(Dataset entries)
━━━━━━

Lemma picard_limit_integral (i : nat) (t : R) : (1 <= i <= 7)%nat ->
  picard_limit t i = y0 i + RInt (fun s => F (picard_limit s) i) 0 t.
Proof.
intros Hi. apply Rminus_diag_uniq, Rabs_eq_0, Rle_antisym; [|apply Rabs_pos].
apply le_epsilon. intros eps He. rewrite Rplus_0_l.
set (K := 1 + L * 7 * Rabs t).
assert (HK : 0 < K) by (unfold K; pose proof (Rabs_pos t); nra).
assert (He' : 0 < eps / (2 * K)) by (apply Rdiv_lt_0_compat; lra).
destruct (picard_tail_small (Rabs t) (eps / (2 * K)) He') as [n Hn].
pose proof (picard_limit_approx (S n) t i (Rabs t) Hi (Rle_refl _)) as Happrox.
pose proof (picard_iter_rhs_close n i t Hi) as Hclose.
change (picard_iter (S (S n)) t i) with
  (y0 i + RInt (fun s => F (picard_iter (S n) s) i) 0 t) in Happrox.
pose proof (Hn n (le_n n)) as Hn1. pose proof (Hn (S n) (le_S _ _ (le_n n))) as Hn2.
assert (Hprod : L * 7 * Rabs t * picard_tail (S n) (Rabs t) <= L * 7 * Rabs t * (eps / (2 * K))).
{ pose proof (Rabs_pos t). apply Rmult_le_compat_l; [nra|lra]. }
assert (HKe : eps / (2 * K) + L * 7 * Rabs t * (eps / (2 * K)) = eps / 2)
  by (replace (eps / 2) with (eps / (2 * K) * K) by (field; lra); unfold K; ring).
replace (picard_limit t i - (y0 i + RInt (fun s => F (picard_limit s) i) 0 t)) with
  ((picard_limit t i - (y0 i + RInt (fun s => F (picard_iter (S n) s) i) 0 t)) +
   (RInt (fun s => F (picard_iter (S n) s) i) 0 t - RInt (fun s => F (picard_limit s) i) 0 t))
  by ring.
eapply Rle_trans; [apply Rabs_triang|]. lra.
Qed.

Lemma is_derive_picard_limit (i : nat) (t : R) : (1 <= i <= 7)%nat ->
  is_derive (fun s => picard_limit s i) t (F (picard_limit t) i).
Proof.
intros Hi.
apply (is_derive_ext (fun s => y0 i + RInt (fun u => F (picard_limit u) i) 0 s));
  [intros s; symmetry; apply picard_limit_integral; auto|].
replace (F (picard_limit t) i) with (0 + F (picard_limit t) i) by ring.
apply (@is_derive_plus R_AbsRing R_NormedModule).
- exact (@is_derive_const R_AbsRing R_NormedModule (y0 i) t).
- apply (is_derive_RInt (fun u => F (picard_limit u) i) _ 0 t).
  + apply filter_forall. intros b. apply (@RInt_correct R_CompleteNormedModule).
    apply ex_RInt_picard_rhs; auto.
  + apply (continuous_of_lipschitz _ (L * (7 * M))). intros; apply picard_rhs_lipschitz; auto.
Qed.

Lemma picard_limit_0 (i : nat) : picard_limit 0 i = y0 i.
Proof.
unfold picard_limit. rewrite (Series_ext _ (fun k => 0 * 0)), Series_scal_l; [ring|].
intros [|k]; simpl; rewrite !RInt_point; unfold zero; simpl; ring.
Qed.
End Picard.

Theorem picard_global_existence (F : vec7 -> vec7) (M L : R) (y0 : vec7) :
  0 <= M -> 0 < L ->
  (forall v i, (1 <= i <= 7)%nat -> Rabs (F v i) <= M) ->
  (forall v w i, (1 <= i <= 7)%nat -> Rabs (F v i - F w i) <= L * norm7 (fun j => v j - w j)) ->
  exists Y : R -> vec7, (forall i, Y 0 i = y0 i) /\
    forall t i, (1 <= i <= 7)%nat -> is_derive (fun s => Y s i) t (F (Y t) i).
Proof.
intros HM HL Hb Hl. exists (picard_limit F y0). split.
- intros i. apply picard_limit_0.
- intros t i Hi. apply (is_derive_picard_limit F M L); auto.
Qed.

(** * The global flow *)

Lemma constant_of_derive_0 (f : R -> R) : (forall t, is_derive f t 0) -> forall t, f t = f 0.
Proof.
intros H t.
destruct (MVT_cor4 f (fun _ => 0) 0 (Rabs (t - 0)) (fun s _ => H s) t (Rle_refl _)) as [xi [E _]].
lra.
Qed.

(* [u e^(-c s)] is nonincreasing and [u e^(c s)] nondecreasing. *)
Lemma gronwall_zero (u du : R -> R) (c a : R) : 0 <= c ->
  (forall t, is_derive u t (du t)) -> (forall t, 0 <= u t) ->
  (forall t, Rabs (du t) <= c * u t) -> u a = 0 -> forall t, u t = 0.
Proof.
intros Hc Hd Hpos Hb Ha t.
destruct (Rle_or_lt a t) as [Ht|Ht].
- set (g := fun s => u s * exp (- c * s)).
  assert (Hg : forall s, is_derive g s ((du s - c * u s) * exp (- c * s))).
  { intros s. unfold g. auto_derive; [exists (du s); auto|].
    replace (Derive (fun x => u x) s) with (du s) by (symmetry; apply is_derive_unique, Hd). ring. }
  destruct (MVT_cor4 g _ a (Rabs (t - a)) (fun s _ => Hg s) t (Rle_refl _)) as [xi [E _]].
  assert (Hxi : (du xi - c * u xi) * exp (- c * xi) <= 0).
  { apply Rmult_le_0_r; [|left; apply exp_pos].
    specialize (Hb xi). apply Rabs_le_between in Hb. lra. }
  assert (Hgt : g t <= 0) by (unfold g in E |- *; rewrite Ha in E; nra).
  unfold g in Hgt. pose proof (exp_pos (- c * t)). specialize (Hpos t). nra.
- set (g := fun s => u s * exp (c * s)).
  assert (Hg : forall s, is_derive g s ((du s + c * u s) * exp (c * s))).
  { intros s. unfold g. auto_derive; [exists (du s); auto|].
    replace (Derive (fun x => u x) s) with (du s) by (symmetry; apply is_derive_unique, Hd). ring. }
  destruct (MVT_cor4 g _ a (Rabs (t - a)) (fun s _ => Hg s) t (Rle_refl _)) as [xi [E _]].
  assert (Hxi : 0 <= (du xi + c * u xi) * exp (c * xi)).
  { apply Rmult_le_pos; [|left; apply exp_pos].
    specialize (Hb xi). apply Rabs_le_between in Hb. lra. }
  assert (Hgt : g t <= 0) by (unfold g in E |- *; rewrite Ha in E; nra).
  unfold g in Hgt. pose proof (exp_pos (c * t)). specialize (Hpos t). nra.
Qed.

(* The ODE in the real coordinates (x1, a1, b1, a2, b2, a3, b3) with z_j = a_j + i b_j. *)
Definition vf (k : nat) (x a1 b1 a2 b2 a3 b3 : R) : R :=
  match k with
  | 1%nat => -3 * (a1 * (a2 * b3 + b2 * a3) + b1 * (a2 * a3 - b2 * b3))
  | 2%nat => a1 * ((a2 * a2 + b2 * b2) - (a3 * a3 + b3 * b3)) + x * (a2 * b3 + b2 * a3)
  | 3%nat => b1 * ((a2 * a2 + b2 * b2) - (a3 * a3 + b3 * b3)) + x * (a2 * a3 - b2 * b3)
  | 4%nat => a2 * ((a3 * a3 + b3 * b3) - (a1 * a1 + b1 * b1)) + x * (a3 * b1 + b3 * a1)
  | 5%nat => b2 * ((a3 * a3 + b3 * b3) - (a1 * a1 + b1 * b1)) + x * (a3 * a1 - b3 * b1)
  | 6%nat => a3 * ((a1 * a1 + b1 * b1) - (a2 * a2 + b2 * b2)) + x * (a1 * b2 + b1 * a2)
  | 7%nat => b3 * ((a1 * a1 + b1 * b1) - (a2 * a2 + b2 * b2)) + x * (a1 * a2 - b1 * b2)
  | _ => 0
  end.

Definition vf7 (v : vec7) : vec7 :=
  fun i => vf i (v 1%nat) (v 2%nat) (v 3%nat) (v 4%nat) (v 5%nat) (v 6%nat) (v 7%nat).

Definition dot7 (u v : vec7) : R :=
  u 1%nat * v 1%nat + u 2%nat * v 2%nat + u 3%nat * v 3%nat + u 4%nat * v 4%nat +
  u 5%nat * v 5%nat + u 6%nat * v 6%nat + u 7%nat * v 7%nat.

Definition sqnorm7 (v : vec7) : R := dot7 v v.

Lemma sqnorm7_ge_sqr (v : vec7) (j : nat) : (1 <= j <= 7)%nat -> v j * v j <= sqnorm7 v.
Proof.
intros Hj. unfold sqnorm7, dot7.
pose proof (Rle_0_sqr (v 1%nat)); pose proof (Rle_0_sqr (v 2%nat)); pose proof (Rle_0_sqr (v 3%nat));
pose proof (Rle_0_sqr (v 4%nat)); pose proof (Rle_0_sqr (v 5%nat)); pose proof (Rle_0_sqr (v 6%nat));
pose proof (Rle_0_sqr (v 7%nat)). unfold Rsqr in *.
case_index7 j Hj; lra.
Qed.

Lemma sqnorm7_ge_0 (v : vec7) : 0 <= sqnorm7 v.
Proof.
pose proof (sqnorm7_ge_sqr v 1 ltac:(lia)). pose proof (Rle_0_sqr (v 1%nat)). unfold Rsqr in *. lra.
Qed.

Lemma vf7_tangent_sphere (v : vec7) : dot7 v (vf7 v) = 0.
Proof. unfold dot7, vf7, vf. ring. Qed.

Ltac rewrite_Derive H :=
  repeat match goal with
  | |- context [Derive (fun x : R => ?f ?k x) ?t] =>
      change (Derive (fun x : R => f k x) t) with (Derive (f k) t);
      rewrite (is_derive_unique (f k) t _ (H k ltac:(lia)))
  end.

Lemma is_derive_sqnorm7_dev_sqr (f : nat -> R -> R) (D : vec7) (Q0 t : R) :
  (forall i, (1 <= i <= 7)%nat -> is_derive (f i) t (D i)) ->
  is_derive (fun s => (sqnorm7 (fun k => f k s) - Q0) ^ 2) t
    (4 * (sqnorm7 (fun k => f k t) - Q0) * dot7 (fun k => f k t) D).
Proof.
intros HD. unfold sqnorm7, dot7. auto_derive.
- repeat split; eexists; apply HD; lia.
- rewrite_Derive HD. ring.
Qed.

━━━━━━

> _Your goal_: Pull out every line in the data above that has the word "pose".

> _Solution to this problem_:
assert (HK : 0 < K) by (unfold K; pose proof (Rabs_pos t); nra).
pose proof (picard_limit_approx (S n) t i (Rabs t) Hi (Rle_refl _)) as Happrox.
pose proof (picard_iter_rhs_close n i t Hi) as Hclose.
pose proof (Hn n (le_n n)) as Hn1. pose proof (Hn (S n) (le_S _ _ (le_n n))) as Hn2.
{ pose proof (Rabs_pos t). apply Rmult_le_compat_l; [nra|lra]. }
  unfold g in Hgt. pose proof (exp_pos (- c * t)). specialize (Hpos t). nra.
  unfold g in Hgt. pose proof (exp_pos (c * t)). specialize (Hpos t). nra.
pose proof (Rle_0_sqr (v 1%nat)); pose proof (Rle_0_sqr (v 2%nat)); pose proof (Rle_0_sqr (v 3%nat));
pose proof (Rle_0_sqr (v 4%nat)); pose proof (Rle_0_sqr (v 5%nat)); pose proof (Rle_0_sqr (v 6%nat));
pose proof (Rle_0_sqr (v 7%nat)). unfold Rsqr in *.
pose proof (sqnorm7_ge_sqr v 1 ltac:(lia)). pose proof (Rle_0_sqr (v 1%nat)). unfold Rsqr in *. lra.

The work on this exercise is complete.